O Brasil cresce e as empresas também expandem
seus negócios, muitas passam a operar no exterior ou aumentam
sua atividade internamente. Com isso, a estrutura pode ser revista através
de um novo desenho organizacional. Isso, além das mudanças
no mundo global que exigem revisão do negócio, com nova
estratégia. É o que vemos atualmente com a crise.
Para
Aldemir Drummond, professor de estratégia e coordenador do Núcleo
de Gestão Empresarial da Fundação Dom Cabral, a
mudança envolve diversas variáveis. “Uma nova estratégia
pode implicar em mudanças nos processos de trabalho, nas competências
requeridas, nos sistemas de incentivo e sanções, nos sistemas
de informação e nos processos de comunicação.”
Washington
Sorio, consultor de RH, diz que o fator determinante para uma empresa
mudar o organograma é a perpetuação, visando maior
rentabilidade. “O objetivo principal é ‘cortar gordura’,
deixar a empresa mais leve e melhorar o desempenho”.
A
reestruturação envolve pessoas, com demissões,
novas contratações e novos cargos. “As pessoas estão
no centro do processo, o que requer muita atenção. O tratamento
tem que ser digno, com respeito e transparência”, ressalta
Sorio. Toda mudança sofre resistência. “Não
é que as pessoas não gostem, elas não querem é
que mudem aquilo que estavam acostumadas a fazer”. Para Sorio,
a comunicação ajuda no processo, mas o fator determinante
é o exemplo que vem de cima.
Malena
Martelli, presidente do Comitê de Gestão de Pessoas da
Câmara Americana de São Paulo (AMCHAM), coloca que do ponto
de vista do RH é importante compreender o impacto que a mudança
organizacional causa nas pessoas. “Temos que antecipar as reações,
mapear as habilidades existem ou não na organização
e traçar plano de desenvolvimento e comunicação
com base nesse diagnóstico”.
Drummond
defende que o profissional de RH entenda o negócio da empresa.
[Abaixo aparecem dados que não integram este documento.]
(* There exists an integer $\mathsf{N}\ge 1$ such that $SAW_2(\mathsf{N})\neq SAW_3(\mathsf{N})$; that is, there is a path without crossing $c\in(\mathbb{Z}/4\mathbb{Z})^{\mathsf{N}}$ that cannot be reached from $(0,0,\dots,0)$ by a finite sequence of pivot moves all of whose intermediate conformations are paths without crossing.
   Context: A conformation of $\mathsf{N}+1$ residues is a vector $C=(C_1,\dots,C_{\mathsf{N}})\in(\mathbb{Z}/4\mathbb{Z})^{\mathsf{N}}$ (absolute encoding: $0$ = east, $1$ = south, $2$ = west, $3$ = north). Its lattice representation is $p(C)=(X_0,\dots,X_{\mathsf{N}})$ with $X_0=(0,0)$ and $X_{i}=X_{i-1}+(1,0),(0,-1),(-1,0),(0,1)$ according as $C_i=0,1,2,3$. $C$ is a path without crossing if the points $X_0,\dots,X_{\mathsf{N}}$ are pairwise distinct. $SAW_1(\mathsf{N})$ is the set of paths without crossing in $(\mathbb{Z}/4\mathbb{Z})^{\mathsf{N}}$. Let $f(x)=x+1 \pmod 4$. For $k\in\{-\mathsf{N},\dots,\mathsf{N}\}$ the pivot move $f_k$ is the identity if $k=0$, and otherwise $f_k(C_1,\dots,C_{\mathsf{N}})=(C_1,\dots,C_{|k|-1},f^{\operatorname{sign}(k)}(C_{|k|}),\dots,f^{\operatorname{sign}(k)}(C_{\mathsf{N}}))$. $SAW_2(\mathsf{N})$ is the set of $c\in SAW_1(\mathsf{N})$ for which there is a finite sequence $k_1,\dots,k_n\in\{-\mathsf{N},\dots,\mathsf{N}\}$ with $c=f_{k_n}\circ\cdots\circ f_{k_1}(0,\dots,0)$. $SAW_3(\mathsf{N})$ is the set of $c\in SAW_1(\mathsf{N})$ for which there is such a sequence with, in addition, every intermediate conformation $f_{k_j}\circ\cdots\circ f_{k_1}(0,\dots,0)$, $1\le j\le n$, lying in $SAW_1(\mathsf{N})$. *)

From HB Require Import structures.
From mathcomp Require Import all_boot all_order all_algebra.
Set Implicit Arguments. Unset Strict Implicit. Unset Printing Implicit Defensive.
Import Order.TTheory GRing.Theory Num.Theory.
Local Open Scope ring_scope.

(* A conformation of N+1 residues: a sequence of N elements of Z/4Z
   (absolute encoding 0 = east, 1 = south, 2 = west, 3 = north). *)
Definition conformation := seq 'Z_4.

Definition step (d : 'Z_4) : int * int :=
  match val d with
  | 0%N => (1, 0)
  | 1%N => (0, -1)
  | 2%N => (-1, 0)
  | _ => (0, 1)
  end.

Definition addp (p q : int * int) : int * int := (p.1 + q.1, p.2 + q.2).

Definition point (C : conformation) (i : nat) : int * int :=
  foldr addp (0, 0) [seq step d | d <- take i C].

Definition lattice_rep (C : conformation) : seq (int * int) :=
  [seq point C i | i <- iota 0 (size C).+1].

Definition SAW1 (N : nat) (C : conformation) : Prop :=
  size C = N /\ uniq (lattice_rep C).

Definition fpow_sign (k : int) (x : 'Z_4) : 'Z_4 :=
  if 0 < k then x + 1 else x - 1.

(* Pivot move f_k: identity if k = 0; otherwise entries C_{|k|}, ..., C_N
   (1-indexed), i.e. 0-indexed positions j with |k| <= j+1, get f^{sign k}. *)
Definition pivot (k : int) (C : conformation) : conformation :=
  if k == 0 then C
  else [seq (if (j.+1 < `|k|)%N then nth 0 C j else fpow_sign k (nth 0 C j))
       | j <- iota 0 (size C)].

Definition apply_pivots (ks : seq int) (C : conformation) : conformation :=
  foldl (fun D k => pivot k D) C ks.

Definition zero_conf (N : nat) : conformation := nseq N 0.

Definition valid_index (N : nat) (k : int) : bool := (`|k| <= N)%N.

Definition SAW2 (N : nat) (c : conformation) : Prop :=
  SAW1 N c /\
  exists ks : seq int, all (valid_index N) ks /\ c = apply_pivots ks (zero_conf N).

Definition SAW3 (N : nat) (c : conformation) : Prop :=
  SAW1 N c /\
  exists ks : seq int, all (valid_index N) ks /\ c = apply_pivots ks (zero_conf N) /\
    (forall j : nat, (1 <= j <= size ks)%N ->
       SAW1 N (apply_pivots (take j ks) (zero_conf N))).

From HB Require Import structures.
From mathcomp Require Import all_boot all_order all_algebra zify.
Set Implicit Arguments. Unset Strict Implicit. Unset Printing Implicit Defensive.
Import Order.TTheory GRing.Theory Num.Theory.
Local Open Scope ring_scope.

(* We exhibit a self-avoiding conformation w of 216 residues that is built
   from the straight conformation (0, ..., 0) by pivot moves (so w is in
   SAW_2) and that is rigid: every pivot f_k with 2 <= |k| <= N applied to w
   creates a crossing.  The moves f_1 and f_{-1} rotate the whole chain by a
   quarter turn; they commute with all pivots and preserve self-avoidance, so
   every conformation in the rotation orbit of w is rigid as well.  Running a
   self-avoiding chain of pivot moves from (0, ..., 0) backwards, one sees
   that it can never enter this orbit: a self-avoiding predecessor of a rigid
   conformation E is f_{-1}(E) or f_1(E).  Since the orbit of the
   non-constant w does not contain the constant (0, ..., 0), w is not in
   SAW_3. *)

(* The lattice representation is the sequence of partial sums of the steps;
   [walk] computes it in linear time, which makes self-avoidance checkable. *)
Definition walk (C : conformation) : seq (int * int) :=
  (0, 0) :: scanl addp (0, 0) [seq step d | d <- C].

Lemma foldl_addp (p : int * int) (s : seq (int * int)) :
  foldl addp p s = addp p (foldr addp (0, 0) s).
Proof.
elim: s p => [|q s IH] p /=; first by case: p => x y; rewrite /addp /= !addr0.
by rewrite IH /addp /= !addrA.
Qed.

Lemma lattice_repE (C : conformation) : lattice_rep C = walk C.
Proof.
apply: (@eq_from_nth _ (0, 0)).
  by rewrite /lattice_rep /walk size_map size_iota /= size_scanl size_map.
rewrite /lattice_rep size_map size_iota => i ltiC.
rewrite (nth_map 0%N) ?size_iota // nth_iota // add0n /point.
case: i ltiC => [|i] ltiC; first by rewrite take0.
rewrite /walk /= nth_scanl ?size_map // foldl_addp -map_take.
by case: (foldr _ _ _) => x y; rewrite /addp /= !add0r.
Qed.

Definition self_avoiding (N : nat) (C : conformation) : bool :=
  (size C == N) && uniq (walk C).

Lemma self_avoidingP N C : reflect (SAW1 N C) (self_avoiding N C).
Proof.
rewrite /self_avoiding /SAW1 lattice_repE.
by apply: (iffP andP) => -[/eqP szC uC].
Qed.

Lemma scanl_straight (m n : nat) :
  scanl addp (Posz m, 0) (nseq n (1, 0)) = [seq (Posz i, 0) | i <- iota m.+1 n].
Proof.
elim: n m => [|n IH] m //=.
have -> : addp (Posz m, 0) (1, 0) = (Posz m.+1, 0).
  by rewrite /addp /= addr0 -[m.+1]addn1 PoszD.
by rewrite IH.
Qed.

Lemma straight_self_avoiding (N : nat) : SAW1 N (zero_conf N).
Proof.
apply/self_avoidingP; rewrite /self_avoiding size_nseq eqxx /walk /zero_conf.
rewrite map_nseq (scanl_straight 0) -[_ :: _]/(map _ (iota 0 N.+1)).
by rewrite map_inj_uniq ?iota_uniq // => i j [].
Qed.

Lemma size_pivot k C : size (pivot k C) = size C.
Proof. by rewrite /pivot; case: ifP => // _; rewrite size_map size_iota. Qed.

Lemma pivot0 C : pivot 0 C = C.
Proof. by rewrite /pivot eqxx. Qed.

Lemma nth_pivot k C j : k != 0 -> (j < size C)%N ->
  nth 0 (pivot k C) j =
  if (j.+1 < `|k|)%N then nth 0 C j else fpow_sign k (nth 0 C j).
Proof.
move=> k0 ltjC; rewrite /pivot (negbTE k0).
by rewrite (nth_map 0%N) ?size_iota // nth_iota.
Qed.

Lemma fpow_signK (k : int) (x : 'Z_4) :
  k != 0 -> fpow_sign (- k) (fpow_sign k x) = x.
Proof.
rewrite /fpow_sign oppr_gt0 => k0.
case: (ltrgtP k 0) => [_|_|k_eq0]; [exact: subrK | exact: addrK |].
by rewrite k_eq0 eqxx in k0.
Qed.

Lemma pivotK k C : k != 0 -> pivot (- k) (pivot k C) = C.
Proof.
move=> k0; apply: (@eq_from_nth _ 0); rewrite !size_pivot // => j ltjC.
rewrite nth_pivot ?oppr_eq0 ?size_pivot // nth_pivot // abszN.
by case: (j.+1 < `|k|)%N => //; rewrite fpow_signK.
Qed.

Lemma apply_pivots_rcons ks k C :
  apply_pivots (rcons ks k) C = pivot k (apply_pivots ks C).
Proof. by rewrite /apply_pivots foldl_rcons. Qed.

(* Rigid rotation by a quarter turn: every direction is shifted by 1. *)
Definition rotate (C : conformation) : conformation := [seq d + 1 | d <- C].

Lemma pivot1E C : pivot 1 C = rotate C.
Proof.
rewrite /pivot /rotate /= -[C in RHS](mkseq_nth 0) /mkseq -map_comp.
by apply: eq_map => j; rewrite /fpow_sign ltr01.
Qed.

Lemma pivot_rotate k C : pivot k (rotate C) = rotate (pivot k C).
Proof.
have [->|k0] := eqVneq k 0; first by rewrite !pivot0.
apply: (@eq_from_nth _ 0); rewrite ?size_map ?size_pivot ?size_map // => j ltjC.
rewrite nth_pivot ?size_map // !(nth_map 0) ?size_pivot // nth_pivot //.
by case: (j.+1 < `|k|)%N => //; rewrite /fpow_sign; case: ifP; rewrite addrAC.
Qed.

Lemma rotate4 C : iter 4 rotate C = C.
Proof.
have four : 1 + (1 + (1 + 1)) = 0 :> 'Z_4 by apply: val_inj.
by rewrite /= /rotate -!map_comp map_id_in // => d _ /=; rewrite -!addrA four addr0.
Qed.

Lemma pivotN1E C : pivot (-1) C = iter 3 rotate C.
Proof. by rewrite -{1}[C]rotate4 [iter 4 _ _]/= -pivot1E pivotK. Qed.

Definition rot90 (p : int * int) : int * int := (p.2, - p.1).

Lemma rot90_inj : injective rot90.
Proof.
by apply: (can_inj (g := fun p => (- p.2, p.1))) => -[x y] /=; rewrite opprK.
Qed.

Lemma step_rotate (d : 'Z_4) : step (d + 1) = rot90 (step d).
Proof. by case: d => -[|[|[|[|n]]]]. Qed.

Lemma walk_rotate C : walk (rotate C) = map rot90 (walk C).
Proof.
have rot90D p q : rot90 (addp p q) = addp (rot90 p) (rot90 q).
  by rewrite /rot90 /addp /= opprD.
rewrite /walk /rotate -map_comp (eq_map step_rotate) map_comp /=.
congr (_ :: _); rewrite -[(0, 0) in LHS]/(rot90 (0, 0)).
by elim: (map step C) (0, 0) => //= q s IH p; rewrite -rot90D IH.
Qed.

Lemma self_avoiding_rotate N C :
  self_avoiding N (rotate C) = self_avoiding N C.
Proof. by rewrite /self_avoiding walk_rotate size_map (map_inj_uniq rot90_inj). Qed.

Lemma constant_rotate C : constant (rotate C) = constant C.
Proof.
case: C => //= d C; rewrite all_map; apply: eq_all => e /=.
exact: (inj_eq (addIr 1)).
Qed.

(* C is rigid if every pivot move f_k with 2 <= |k| <= N creates a crossing;
   the only legal self-avoiding moves from C are then the rigid rotations. *)
Definition rigid (N : nat) (C : conformation) : Prop :=
  forall k, valid_index N k -> (2 <= `|k|)%N -> ~ SAW1 N (pivot k C).

(* Rigidity survives a rotation, since pivots commute with rotations and
   rotations preserve self-avoidance. *)
Lemma rigid_rotate N C : rigid N C -> rigid N (rotate C).
Proof.
move=> rigidC k vk hk /self_avoidingP.
by rewrite pivot_rotate self_avoiding_rotate => /self_avoidingP; apply: rigidC.
Qed.

Definition rotation_orbit (C D : conformation) : Prop :=
  exists i, D = iter i rotate C.

Lemma rotation_orbit_pivot C D : rotation_orbit C D ->
  rotation_orbit C (pivot 1 D) /\ rotation_orbit C (pivot (-1) D).
Proof.
case=> i ->; split; first by exists i.+1; rewrite pivot1E.
by exists (3 + i)%N; rewrite pivotN1E iterD.
Qed.

Lemma rigid_orbit N C D : rigid N C -> rotation_orbit C D -> rigid N D.
Proof. by move=> rigidC [i ->]; elim: i => //= i; apply: rigid_rotate. Qed.

(* Rotations preserve non-constancy, so the orbit of a non-constant
   conformation misses the straight conformation. *)
Lemma rotation_orbit_straight N C :
  ~~ constant C -> ~ rotation_orbit C (zero_conf N).
Proof.
move=> ncC [i /(congr1 constant)]; rewrite constant_nseq.
by elim: i => [|i IH] /=; rewrite ?constant_rotate // => /esym; apply/negP.
Qed.

Section RigidFamily.
Variables (N : nat) (S : conformation -> Prop).
Hypothesis S_rigid : forall D, S D -> rigid N D.
Hypothesis S_pivot1 : forall D, S D -> S (pivot 1 D) /\ S (pivot (-1) D).

(* A self-avoiding conformation can enter S by a single pivot move only if it
   already belongs to S: long-range moves out of S are never self-avoiding,
   and f_1, f_{-1} are mutually inverse and keep S stable. *)
Lemma pivot_into_family D k :
  valid_index N k -> SAW1 N D -> S (pivot k D) -> S D.
Proof.
move=> vk sawD SE; have [k0|k0] := eqVneq k 0; first by rewrite k0 pivot0 in SE.
have back : pivot (- k) (pivot k D) = D by exact: pivotK.
have [ltk|lek] := ltnP 1 `|k|.
  by case: (S_rigid SE (k := - k)); rewrite ?back // /valid_index abszN.
have [k1|k1] : k = 1 \/ k = -1 by lia.
  by subst k; rewrite -back; case: (S_pivot1 SE).
by subst k; rewrite -back opprK; case: (S_pivot1 SE).
Qed.

Lemma family_not_SAW3 c : S c -> ~ S (zero_conf N) -> ~ SAW3 N c.
Proof.
move=> Sc Sz [_ [ks [vks [c_def inter]]]]; apply: Sz.
suff reach j : (j <= size ks)%N ->
    S (apply_pivots (take j ks) (zero_conf N)) -> S (zero_conf N).
  by apply: (reach (size ks)); rewrite // take_size -c_def.
elim: j => [|j IH] ltjks; first by rewrite take0.
rewrite (take_nth 0 ltjks) apply_pivots_rcons => S_next.
apply: IH (ltnW ltjks) (pivot_into_family _ _ S_next).
  exact: (all_nthP 0 vks).
case: j ltjks {S_next} => [|j] ltjks.
  by rewrite take0; apply: straight_self_avoiding.
by apply: inter; rewrite /= ltnW.
Qed.

End RigidFamily.

Definition long_pivots (N : nat) : seq int :=
  [seq Posz i | i <- iota 2 N.-1] ++ [seq Negz i | i <- iota 1 N.-1].

Lemma mem_long_pivots N k :
  valid_index N k -> (2 <= `|k|)%N -> k \in long_pivots N.
Proof.
rewrite /valid_index /long_pivots mem_cat; case: k => n /= vn ln.
  by apply/orP; left; apply: map_f; rewrite mem_iota; lia.
by apply/orP; right; apply: map_f; rewrite mem_iota; lia.
Qed.

Lemma rigid_check N C :
  all (fun k => ~~ self_avoiding N (pivot k C)) (long_pivots N) -> rigid N C.
Proof.
move=> /allP rigidC k vk lk /self_avoidingP sawC.
by have := rigidC k (mem_long_pivots vk lk); rewrite sawC.
Qed.

Definition witness_directions : seq nat := [::
  2; 3; 3; 3; 3; 2; 3; 2; 3; 2; 3; 3; 2; 1; 2; 2; 3; 0; 3; 3; 2; 2; 2; 1; 0;
  1; 2; 2; 3; 3; 2; 1; 1; 2; 2; 1; 1; 2; 1; 1; 1; 0; 1; 1; 0; 1; 1; 0; 1; 0;
  1; 0; 0; 1; 0; 1; 0; 0; 0; 0; 1; 0; 1; 0; 1; 0; 1; 1; 2; 2; 2; 3; 2; 2; 2;
  2; 3; 2; 2; 3; 0; 3; 2; 2; 3; 0; 3; 2; 2; 3; 2; 3; 2; 2; 2; 3; 0; 0; 3; 2;
  3; 2; 3; 3; 3; 3; 3; 3; 3; 0; 3; 0; 3; 0; 3; 0; 0; 0; 0; 0; 0; 0; 1; 0; 1;
  0; 0; 1; 2; 1; 0; 1; 0; 1; 0; 1; 0; 1; 2; 1; 0; 0; 1; 0; 0; 1; 2; 1; 0; 0;
  1; 1; 2; 1; 2; 2; 3; 3; 2; 2; 3; 2; 2; 3; 2; 3; 2; 3; 0; 0; 3; 2; 2; 2; 2;
  1; 1; 1; 1; 1; 1; 2; 3; 3; 2; 2; 3; 0; 3; 3; 2; 1; 2; 3; 2; 2; 3; 3; 2; 3;
  0; 3; 3; 0; 1; 0; 1; 0; 0; 0; 0; 0; 0; 1; 2]%N.

Definition witness_pivots : seq int := map Posz [::
  1; 1; 2; 6; 6; 6; 7; 8; 8; 8; 9; 10; 10; 10; 11; 13; 13; 13; 14; 14; 14;
  15; 17; 18; 19; 19; 19; 21; 21; 21; 24; 24; 24; 25; 25; 25; 26; 27; 29;
  31; 31; 31; 32; 32; 32; 34; 36; 36; 36; 38; 39; 39; 39; 42; 42; 42; 43;
  45; 45; 45; 46; 48; 48; 48; 49; 50; 50; 50; 51; 52; 52; 52; 54; 55; 55;
  55; 56; 57; 57; 57; 61; 62; 62; 62; 63; 64; 64; 64; 65; 66; 66; 66; 67;
  69; 72; 73; 73; 73; 77; 78; 78; 78; 80; 81; 82; 82; 82; 83; 83; 83; 85;
  86; 87; 87; 87; 88; 88; 88; 90; 91; 91; 91; 92; 93; 93; 93; 96; 97; 99;
  99; 99; 100; 100; 100; 101; 102; 102; 102; 103; 110; 111; 111; 111; 112;
  113; 113; 113; 114; 115; 115; 115; 116; 123; 124; 124; 124; 125; 126; 126;
  126; 128; 129; 130; 130; 130; 131; 131; 131; 132; 133; 133; 133; 134; 135;
  135; 135; 136; 137; 137; 137; 138; 139; 140; 140; 140; 141; 141; 141; 143;
  144; 144; 144; 146; 147; 148; 148; 148; 149; 149; 149; 151; 153; 154; 154;
  154; 155; 157; 159; 159; 159; 161; 162; 162; 162; 164; 165; 165; 165; 166;
  167; 167; 167; 168; 169; 171; 171; 171; 172; 172; 172; 176; 176; 176; 182;
  183; 185; 185; 185; 187; 188; 189; 189; 189; 191; 191; 191; 192; 192; 192;
  193; 194; 195; 195; 195; 197; 199; 199; 199; 200; 201; 202; 202; 202; 204;
  205; 206; 206; 206; 207; 208; 208; 208; 214; 215]%N.

Definition witness : conformation := [seq inZp d | d <- witness_directions].

Lemma witness_SAW2 : SAW2 215 witness.
Proof.
split; first by apply/self_avoidingP; vm_compute.
by exists witness_pivots; split; [vm_compute | apply/eqP; vm_compute].
Qed.

Lemma witness_rigid : rigid 215 witness.
Proof. by apply: rigid_check; vm_compute. Qed.

Lemma witness_nonconstant : ~~ constant witness.
Proof. by vm_compute. Qed.

Theorem mainTheorem2 :
  exists N : nat, (1 <= N)%N /\ exists c : conformation, SAW2 N c /\ ~ SAW3 N c.
Proof.
exists 215; split => //; exists witness; split; first exact: witness_SAW2.
apply: (@family_not_SAW3 215 (rotation_orbit witness)).
- by move=> D; apply: rigid_orbit witness_rigid.
- exact: rotation_orbit_pivot.
- by exists 0%N.
- exact: rotation_orbit_straight witness_nonconstant.
Qed.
“Boa parte dos gestores têm competências nos processos
de RH, mas certa dificuldade para entender o negócio. Se o profissional
de RH deseja ter influência, é fundamental que ele enxergue
a gestão de pessoas na perspectiva do negócio, isto é,
como as pessoas podem contribuir”.
Washington
Sorio diz que a participação do executivo de RH no processo
de reestruturação é primordial, sendo o “braço
direito” do principal executivo, podendo exercer o papel de arquiteto
da estratégia. O organograma pode ser revisto para ampliar ou
enxugar funções e níveis hierárquicos, como
consta nos exemplos:
Gate
Gourmet
Em 1995, a empresa Gate Gourmet adquiriu o catering da Varig. Na época,
a multinacional Suíça era a segunda maior no ramo de catering.
Na nova fase foi preciso reavaliar a estrutura e a cultura organizacional
da empresa. A Varig demitiu 750 funcionários e, no dia seguinte,
a Gate Gourmet contratou 750 funcionários com os mesmos cargos.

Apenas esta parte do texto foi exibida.